In a matter of a few short years, this new atheism has allied itself with the LGBT movement and the abortion crackers who defend cutting babies up and selling them for body parts as if they were butcher shop products. They are everywhere on social media and are indistinguishable.
The Christian right, having largely removed itself from this world, with the availability of alternative means of education, may have dodged this bullet, but in the days since Obama, and the rise of social media, it’s been made clear that their original retreat in the 80s could not save them. Falwell has lit their way back to the American light.

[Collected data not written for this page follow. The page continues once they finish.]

(* Let $R$ be a ring (associative with identity), let $m,n\geq 1$ and $k\geq 2$ be integers. If the matrix rings $M_n(R)$ and $M_m(R)$ are both $k$-clean, then so is $M_{n+m}(R)$.
   Context: For a positive integer $k$, a ring $S$ is $k$-clean if every element of $S$ can be written as $e+u_1+\cdots+u_k$ with $e=e^2\in S$ and $u_1,\dots,u_k$ units of $S$. *)

From mathcomp Require Import all_boot all_algebra.
Set Implicit Arguments. Unset Strict Implicit. Unset Printing Implicit Defensive.
Import GRing.Theory.
Local Open Scope ring_scope.

(* u is a unit of the (possibly noncommutative) ring S: it has a two-sided
   inverse.  (MathComp only equips square matrices over a *commutative* unit
   ring with a unitRingType structure, so we use the plain definition.) *)
Definition is_unit (S : nzRingType) (u : S) : Prop :=
  exists v : S, u * v = 1 /\ v * u = 1.

Definition k_clean (S : nzRingType) (k : nat) : Prop :=
  forall x : S, exists (e : S) (u : 'I_k -> S),
    e * e = e /\ (forall i, is_unit (u i)) /\ x = e + \sum_(i < k) u i.

From mathcomp Require Import all_boot all_algebra.
Set Implicit Arguments. Unset Strict Implicit. Unset Printing Implicit Defensive.
Import GRing.Theory.
Local Open Scope ring_scope.

(* Write x in M_(p+q)(R) as [[a, b], [c, d]]. Decompose a = f + u_1 + ... + u_k
   in M_p(R) and the Schur complement d - c u_1^-1 b = g + w_1 + ... + w_k in
   M_q(R). Then x = diag(f, g) + [[u_1, b], [c, w_1 + c u_1^-1 b]]
   + sum_(i > 1) diag(u_i, w_i), and the first unit is invertible because it
   factors as [[1, 0], [c u_1^-1, 1]] diag(u_1, w_1) [[1, u_1^-1 b], [0, 1]].
   The argument only needs k >= 1. *)

(* Stated with [*m] so that it makes sense for every size [p], such as [p + q],
   where ['M_p] carries no canonical nonzero-ring structure. *)
Definition mx_unit (R : pzRingType) (p : nat) (A : 'M[R]_p) : Prop :=
  exists B : 'M[R]_p, A *m B = 1%:M /\ B *m A = 1%:M.

Definition mx_k_clean (R : pzRingType) (p k : nat) : Prop :=
  forall x : 'M[R]_p, exists (e : 'M[R]_p) (u : 'I_k -> 'M[R]_p),
    e *m e = e /\ (forall i, mx_unit (u i)) /\ x = e + \sum_(i < k) u i.

Lemma k_clean_mxE (R : nzRingType) (n k : nat) :
  k_clean [the nzRingType of 'M[R]_n.+1] k = mx_k_clean R n.+1 k.
Proof. by []. Qed.

Lemma mx_unitM (R : pzRingType) (p : nat) (A B : 'M[R]_p) :
  mx_unit A -> mx_unit B -> mx_unit (A *m B).
Proof.
move=> [A' [AA' A'A]] [B' [BB' B'B]]; exists (B' *m A'); split.
  by rewrite mulmxA -(mulmxA A) BB' mulmx1 AA'.
by rewrite mulmxA -(mulmxA B') A'A mulmx1 B'B.
Qed.

Lemma sum_block_mx (R : pzRingType) (p1 p2 q1 q2 k : nat)
    (F1 : 'I_k -> 'M[R]_(p1, q1)) (F2 : 'I_k -> 'M[R]_(p1, q2))
    (F3 : 'I_k -> 'M[R]_(p2, q1)) (F4 : 'I_k -> 'M[R]_(p2, q2)) :
  \sum_(i < k) block_mx (F1 i) (F2 i) (F3 i) (F4 i) =
  block_mx (\sum_i F1 i) (\sum_i F2 i) (\sum_i F3 i) (\sum_i F4 i).
Proof.
elim: k F1 F2 F3 F4 => [|k IHk] F1 F2 F3 F4; first by rewrite !big_ord0 block_mx0.
by rewrite !big_ord_recr /= IHk add_block_mx.
Qed.

Section BlockUnits.

Variables (R : pzRingType) (p q : nat).

Lemma mx_unit_block_diag (A : 'M[R]_p) (D : 'M[R]_q) :
  mx_unit A -> mx_unit D -> mx_unit (block_mx A 0 0 D).
Proof.
move=> [A' [AA' A'A]] [D' [DD' D'D]]; exists (block_mx A' 0 0 D').
rewrite !mulmx_block !mulmx0 !mul0mx !addr0 !add0r.
by rewrite AA' A'A DD' D'D -scalar_mx_block.
Qed.

Lemma mx_unit_block_lower (C : 'M[R]_(q, p)) :
  mx_unit (block_mx 1%:M 0 C 1%:M).
Proof.
exists (block_mx 1%:M 0 (- C) 1%:M).
rewrite !mulmx_block !mulmx0 !mul0mx !mulmx1 !mul1mx !addr0 !add0r.
by rewrite addrN addNr -scalar_mx_block.
Qed.

Lemma mx_unit_block_upper (B : 'M[R]_(p, q)) :
  mx_unit (block_mx 1%:M B 0 1%:M).
Proof.
exists (block_mx 1%:M (- B) 0 1%:M).
rewrite !mulmx_block !mulmx0 !mul0mx !mulmx1 !mul1mx !addr0 !add0r.
by rewrite addrN addNr -scalar_mx_block.
Qed.

Lemma mx_unit_block_schur (A A' : 'M[R]_p) (B : 'M[R]_(p, q))
    (C : 'M[R]_(q, p)) (S : 'M[R]_q) :
  A *m A' = 1%:M -> A' *m A = 1%:M -> mx_unit S ->
  mx_unit (block_mx A B C (S + C *m A' *m B)).
Proof.
move=> AA' A'A unit_S.
have -> : block_mx A B C (S + C *m A' *m B) =
    block_mx 1%:M 0 (C *m A') 1%:M *m block_mx A 0 0 S
      *m block_mx 1%:M (A' *m B) 0 1%:M.
  rewrite !mulmx_block !mulmx0 !mul0mx !mulmx1 !mul1mx !addr0 !add0r.
  by rewrite (mulmxA A) AA' mul1mx -(mulmxA C A' A) A'A mulmx1 mulmxA addrC.
apply: mx_unitM; last exact: mx_unit_block_upper.
apply: mx_unitM; first exact: mx_unit_block_lower.
by apply: mx_unit_block_diag => //; exists A'.
Qed.

Lemma mx_k_clean_block (k : nat) :
  mx_k_clean R p k.+1 -> mx_k_clean R q k.+1 -> mx_k_clean R (p + q) k.+1.
Proof.
move=> clean_p clean_q x; rewrite -[x]submxK.
set a := ulsubmx x; set b := ursubmx x; set c := dlsubmx x; set d := drsubmx x.
have [f [u [idem_f [unit_u def_a]]]] := clean_p a.
have [u0' [u0K u0K']] := unit_u ord0.
have [g [w [idem_g [unit_w def_schur]]]] := clean_q (d - c *m u0' *m b).
pose N := block_mx 0 b c (c *m u0' *m b).
exists (block_mx f 0 0 g),
  (fun i => block_mx (u i) 0 0 (w i) + (if i == ord0 then N else 0)).
split; [|split].
- by rewrite mulmx_block !mulmx0 !mul0mx !addr0 !add0r idem_f idem_g.
- move=> i; case: eqP => [->|_]; last by rewrite addr0; apply: mx_unit_block_diag.
  by rewrite add_block_mx !addr0 !add0r; apply: mx_unit_block_schur.
- rewrite big_split /= -big_mkcond big_pred1_eq sum_block_mx !big1_eq.
  by rewrite !add_block_mx !add0r !addr0 -def_a addrA -def_schur subrK.
Qed.

End BlockUnits.

(* matrix sizes n.+1, m.+1 encode n, m >= 1; (n + m).+2 = n.+1 + m.+1 *)
Theorem lemma5 (R : nzRingType) (n m k : nat) (hk : (2 <= k)%N) :
  k_clean [the nzRingType of 'M[R]_n.+1] k ->
  k_clean [the nzRingType of 'M[R]_m.+1] k ->
  k_clean [the nzRingType of 'M[R]_((n + m).+2)] k.
Proof.
case: k hk => // k _; rewrite !k_clean_mxE => clean_n clean_m.
by have := mx_k_clean_block clean_n clean_m; rewrite addnS addSn.
Qed.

With a portion of Republicans ready to surrender just to avoid what will befall the Christians, and another sizeable slice actually wanting to get in on the action, evangelicals are wise to look for patriots rather than only just one type of patriot. And there are a lot of us. We are a sizeable bunch
Does Jerry Falwell Jr have a private agenda as his father was accused of having in 1980? Maybe, time will tell. But in his comments he said “saving America” is Cause One, the rest can wait until the Enemy (as C S Lewis used to call him) is defeated. Since that has always been Cause One with me, that sounds like a plan, a plan straight out the American theology playbook as writ in 1787.
Every patriot should be proud to see that we are once again all wearing the same uniforms and the same armor of the Creator of this republic.